(* Once [F] comes close enough to [v], monotonicity keeps it below [(v + L) / 2] forever,
   which contradicts [v] being a cluster value. *)
Lemma monotone_recursion_not_lt : ~ L < v.
Proof.
  intros Lv.
  destruct (G_near ((v - L) / 2)) as [d [N [d0 near]]]; [lra|].
  destruct (F_cluster (Rmin d ((v - L) / 2)) ltac:(apply Rmin_pos; lra) N)
    as [m0 [m0N close]].
  pose proof (Rmin_l d ((v - L) / 2)). pose proof (Rmin_r d ((v - L) / 2)).
  assert (below : forall j, F (S j + m0) < (v + L) / 2).
  { induction j as [|j IH]; simpl; rewrite F_succ.
    - specialize (near m0 (F m0) m0N (F_in m0) ltac:(lra)).
      apply Rabs_def2 in near. lra.
    - simpl in IH.
      pose proof (G_mono (S (j + m0)) (F (S (j + m0))) v (F_in _) v_in ltac:(lra)).
      specialize (near (S (j + m0)) v ltac:(lia) v_in).
      rewrite Rminus_diag, Rabs_R0 in near. specialize (near d0).
      apply Rabs_def2 in near. lra. }
  destruct (F_cluster ((v - L) / 2) ltac:(lra) (S m0)) as [m [m0m hm]].
  specialize (below (m - S m0)%nat).
  replace (S (m - S m0) + m0)%nat with m in below by lia.
  apply Rabs_def2 in hm. lra.
Qed.

End MonotoneRecursion.

(* The case [L > v] is the case [L < v] for the reflected recursion [u |-> - G_m (- u)]. *)
Lemma monotone_recursion_fixed (W : R -> Prop) (G : nat -> R -> R) (F : nat -> R) v L :
  (forall m a b, W a -> W b -> a <= b -> G m a <= G m b) ->
  (forall m, F (S m) = G m (F m)) ->
  (forall m, W (F m)) -> W v ->
  (forall c, 0 < c -> exists d N, 0 < d /\
     forall m u, (N <= m)%nat -> W u -> Rabs (u - v) < d -> Rabs (G m u - L) < c) ->
  cluster_value F v ->
  L = v.
Proof.
  intros mono succ Fin vin near cl.
  destruct (Rtotal_order L v) as [lt|[eq|gt]]; [|exact eq|];
    exfalso; [eapply monotone_recursion_not_lt; eauto|].
  apply (monotone_recursion_not_lt (fun u => W (- u)) (fun m u => - G m (- u))
           (fun m => - F m) (- v) (- L)); [| | |now rewrite Ropp_involutive| | |lra].
  - intros m a b ha hb ab. apply Ropp_le_contravar, mono; [exact hb|exact ha|lra].
  - intros m. now rewrite succ, Ropp_involutive.
  - intros m. now rewrite Ropp_involutive.
  - intros c c0. destruct (near c c0) as [d [N [d0 hnear]]]. exists d, N.
    split; [exact d0|]. intros m u mN hu ud.
    replace (- G m (- u) - - L) with (- (G m (- u) - L)) by ring.
    rewrite Rabs_Ropp. apply hnear; [exact mN|exact hu|].
    replace (- u - v) with (- (u - - v)) by ring. now rewrite Rabs_Ropp.
  - intros eps e0 N. destruct (cl eps e0 N) as [n [nN hn]]. exists n. split; [exact nN|].
    replace (- F n - - v) with (- (F n - v)) by ring. now rewrite Rabs_Ropp.
Qed.
Lemma support_proj S : pos S -> exists Q W,
  [/\ is_proj Q, Q *m S = S, Q = W *m S & dominated Q S].
Proof.
move=> /pos_spectral [U [f [H1 H2 f0 ->]]].
pose J j : C := (f j != 0)%:R.
have JJ j : J j * J j = J j by rewrite /J; case: (f j != 0); rewrite ?mulr1 ?mulr0.
have Jf j : J j * f j = f j by rewrite /J; case: eqP => [->|]; rewrite ?mulr0 ?mul1r.
have fVf j : (f j)^-1 * f j = J j.
  by rewrite /J; case: eqP => [->|/eqP fj0]; rewrite ?invr0 ?mulr0 ?mulVf.
exists (udiag U J), (udiag U (fun j => (f j)^-1)); split.
- split; last by rewrite udiagM //; apply: eq_udiag.
  by have [hJ _] := udiag_pos U (f := J) (fun j => ler0n _ _); rewrite hJ.
- by rewrite udiagM //; apply: eq_udiag.
- by rewrite udiagM //; apply: eq_udiag => j; rewrite fVf.
exists (\sum_j (f j)^-1); first by apply: sumr_ge0 => j _; rewrite invr_ge0.
rewrite udiagZB; apply: udiag_pos => j; rewrite /J subr_ge0.
case: eqP => [->|/eqP h]; first by rewrite mulr0.
rewrite (bigD1 j) //= mulrDl mulVf // lerDl mulr_ge0 // sumr_ge0 // => k _.
by rewrite invr_ge0.
Qed.

Lemma proj_dim_gt1 P : is_proj P -> P <> 0 -> P <> 1%:M -> (1 < N)%N.
Proof.
move=> [_ PP] P0 P1.
have rP_gt0 : (0 < \rank P)%N by rewrite lt0n mxrank_eq0; apply/eqP.
suff rP_ltN : (\rank P < N)%N by apply: leq_ltn_trans rP_gt0 rP_ltN.
rewrite ltn_neqAle rank_leq_row andbT; apply/eqP => rPN; apply: P1.
have Pu : P \in unitmx by rewrite -row_free_unit /row_free rPN.
by rewrite -(mulKmx Pu P) PP mulVmx.
Qed.

End Positive.

Arguments pos1 {C N}.

Section Blocks.
Variables (C : numClosedFieldType) (d : nat) (n : 'I_d -> nat).
Local Notation m := (\sum_(i < d) n i)%N.
Local Notation blk := (@tagnat.sig1 d n).
Local Notation inA := (@inA C d n).
Local Notation diagpart := (@diagpart C d n).
Implicit Types P Q R S X Y : 'M[C]_m.
Lemma span_mono S E : S `<=` E -> span S `<=` span E.
Proof. by move=> SE _ [n [c [w [Sw ->]]]]; exists n, c, w; split=> // i; apply: SE. Qed.

Lemma span0 S : span S (fun=> 0).
Proof.
exists 0%N, (fun=> 0), (fun _ _ => 0); split=> [[]//|].
by apply: funext => z; rewrite big_ord0.
Qed.

Lemma spanD S u v : span S u -> span S v -> span S (fun z => u z + v z).
Proof.
move=> [n [c [w [Sw ->]]]] [m [d [x [Sx ->]]]].
exists (n + m)%N, (fun i => match split i with inl j => c j | inr j => d j end),
  (fun i => match split i with inl j => w j | inr j => x j end).
split=> [i|]; first by case: (split i).
apply: funext => z; rewrite big_split_ord; congr (_ + _); apply: eq_bigr => i _.
  by rewrite (unsplitK (inl i)).
by rewrite (unsplitK (inr i)).
Qed.

Lemma spanZ S k u : span S u -> span S (fun z => k * u z).
Proof.
move=> [n [c [w [Sw ->]]]]; exists n, (fun i => k * c i), w; split=> //.
by apply: funext => z; rewrite mulr_sumr; apply: eq_bigr => i _; rewrite mulrA.
Qed.

Section Subspace.
Variables (E : set (T -> K)) (subE : subspace E).

Lemma subspace0 : E (fun=> 0).
Proof. exact/subE/span0. Qed.

Lemma subspaceD u v : E u -> E v -> E (fun z => u z + v z).
Proof. by move=> Eu Ev; apply/subE/spanD; apply: sub_span. Qed.

Lemma subspaceZ k u : E u -> E (fun z => k * u z).
Proof. by move=> Eu; apply/subE/spanZ/sub_span. Qed.

Lemma subspaceB u v : E u -> E v -> E (fun z => u z - v z).
Proof.
move=> Eu Ev; rewrite (_ : (fun z => _) = fun z => u z + (-1) * v z).
  exact/subspaceD/subspaceZ.
by apply: funext => z; rewrite mulN1r.
Qed.

Lemma subspace_sum (X : eqType) (r : seq X) (w : X -> T -> K) :
  (forall x, x \in r -> E (w x)) -> E (fun z => \sum_(x <- r) w x z).
Proof.
elim: r => [|x r IHr] Ew; first by under eq_fun do rewrite big_nil; apply: subspace0.
under eq_fun do rewrite big_cons; apply: subspaceD; first by apply: Ew; rewrite mem_head.
by apply: IHr => y yr; apply: Ew; rewrite in_cons yr orbT.
Qed.

End Subspace.

Lemma tensC_lslice (E : set (T -> K)) t b :
  subspace E -> tensC E t -> E (fun a => t (a, b)).
Proof.
move=> subE [n [c [w [Ew ->]]]]; apply: subspace_sum => // i _.
have [x [y [Ex [Ey ->]]]] := Ew i; rewrite /tens /=.
rewrite (_ : (fun _ => _) = fun a => c i * y b * x a); first exact: subspaceZ.
by apply: funext => a; rewrite mulrAC mulrA.
Qed.

Lemma tensC_rslice (E : set (T -> K)) t a :
  subspace E -> tensC E t -> E (fun b => t (a, b)).
Proof.
move=> subE [n [c [w [Ew ->]]]]; apply: subspace_sum => // i _.
have [x [y [Ex [Ey ->]]]] := Ew i; rewrite /tens /=.
rewrite (_ : (fun _ => _) = fun b => c i * x a * y b); first exact: subspaceZ.
by apply: funext => b; rewrite mulrA.
Qed.

Definition linop (P : (T -> K) -> T -> K) :=
  forall k u v, P (fun z => k * u z + v z) = fun z => k * P u z + P v z.

Section LinearOperator.
Variables (P : (T -> K) -> T -> K) (linP : linop P).

Lemma linop0 : P (fun=> 0) = fun=> 0.
Proof.
have := linP (-1) (fun=> 0) (fun=> 0).
rewrite (_ : (fun _ => _) = fun=> 0); last by apply: funext => z; rewrite mulr0 addr0.
by move/(congr1 (fun u => u _)) => /= e; apply: funext => z; rewrite [LHS]e mulN1r addNr.
Qed.

Lemma linopZ k u : P (fun z => k * u z) = fun z => k * P u z.
Proof.
have := linP k u (fun=> 0); rewrite linop0.
by under eq_fun do rewrite addr0; move=> ->; apply: funext => z; rewrite addr0.
Qed.

Lemma linopD u v : P (fun z => u z + v z) = fun z => P u z + P v z.
Proof.
have := linP 1 u v; under eq_fun do rewrite mul1r.
by move=> ->; apply: funext => z; rewrite mul1r.
Qed.

Lemma linopB u v : P (fun z => u z - v z) = fun z => P u z - P v z.
Proof.
have := linP (-1) v u; under eq_fun do rewrite mulN1r addrC.
by move=> ->; apply: funext => z; rewrite mulN1r addrC.
Qed.

Lemma linop_sum (X : Type) (r : seq X) (w : X -> T -> K) :
  P (fun z => \sum_(x <- r) w x z) = fun z => \sum_(x <- r) P (w x) z.
Proof.
elim: r => [|x r IHr].
  under eq_fun do rewrite big_nil; rewrite linop0.
  by apply: funext => z; rewrite big_nil.
under eq_fun do rewrite big_cons; rewrite linopD IHr.
by apply: funext => z; rewrite big_cons.
Qed.

Lemma linop_sumZ (X : Type) (r : seq X) (c : X -> K) (w : X -> T -> K) :
  P (fun z => \sum_(x <- r) c x * w x z) = fun z => \sum_(x <- r) c x * P (w x) z.
Proof.
rewrite (linop_sum r (fun x z => c x * w x z)).
by apply: funext => z; apply: eq_bigr => x _; rewrite linopZ.
Qed.

End LinearOperator.

Lemma comp_linop P Q : linop P -> linop Q -> linop (fun h => P (Q h)).
Proof. by move=> linP linQ k u v; rewrite linQ linP. Qed.

Lemma scale_linop (c : K) P : linop P -> linop (fun h z => c * P h z).
Proof. by move=> linP k u v; apply: funext => z; rewrite linP mulrDr mulrCA. Qed.

Lemma sum_linop (X : Type) (r : seq X) (P : X -> (T -> K) -> T -> K) :
  (forall x, linop (P x)) -> linop (fun h z => \sum_(x <- r) P x h z).
Proof.
move=> linP k u v; apply: funext => z; rewrite mulr_sumr -big_split.
by apply: eq_bigr => x _; rewrite linP.
Qed.

(** [(1 - pi) (x) (1 - pi)] on functions of two variables. *)
Definition bi_compl (pi : (T -> K) -> T -> K) (t : T * T -> K) : T * T -> K := fun z =>
  t z - pi (fun a => t (a, z.2)) z.1 - pi (fun b => t (z.1, b)) z.2
      + pi (fun a => pi (fun b => t (a, b)) z.2) z.1.

Section BiComplement.
Variables (pi : (T -> K) -> T -> K) (linpi : linop pi).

WHAT TO PRODUCE: Looking at the records above, return exactly the lines from the line with "cluster_value F v ->" to the line with "apply (monotone_recursion_not_lt (fun", both ends included.

SOLUTION FOR THIS PROBLEM:
  cluster_value F v ->
  L = v.
Proof.
  intros mono succ Fin vin near cl.
  destruct (Rtotal_order L v) as [lt|[eq|gt]]; [|exact eq|];
    exfalso; [eapply monotone_recursion_not_lt; eauto|].
  apply (monotone_recursion_not_lt (fun u => W (- u)) (fun m u => - G m (- u))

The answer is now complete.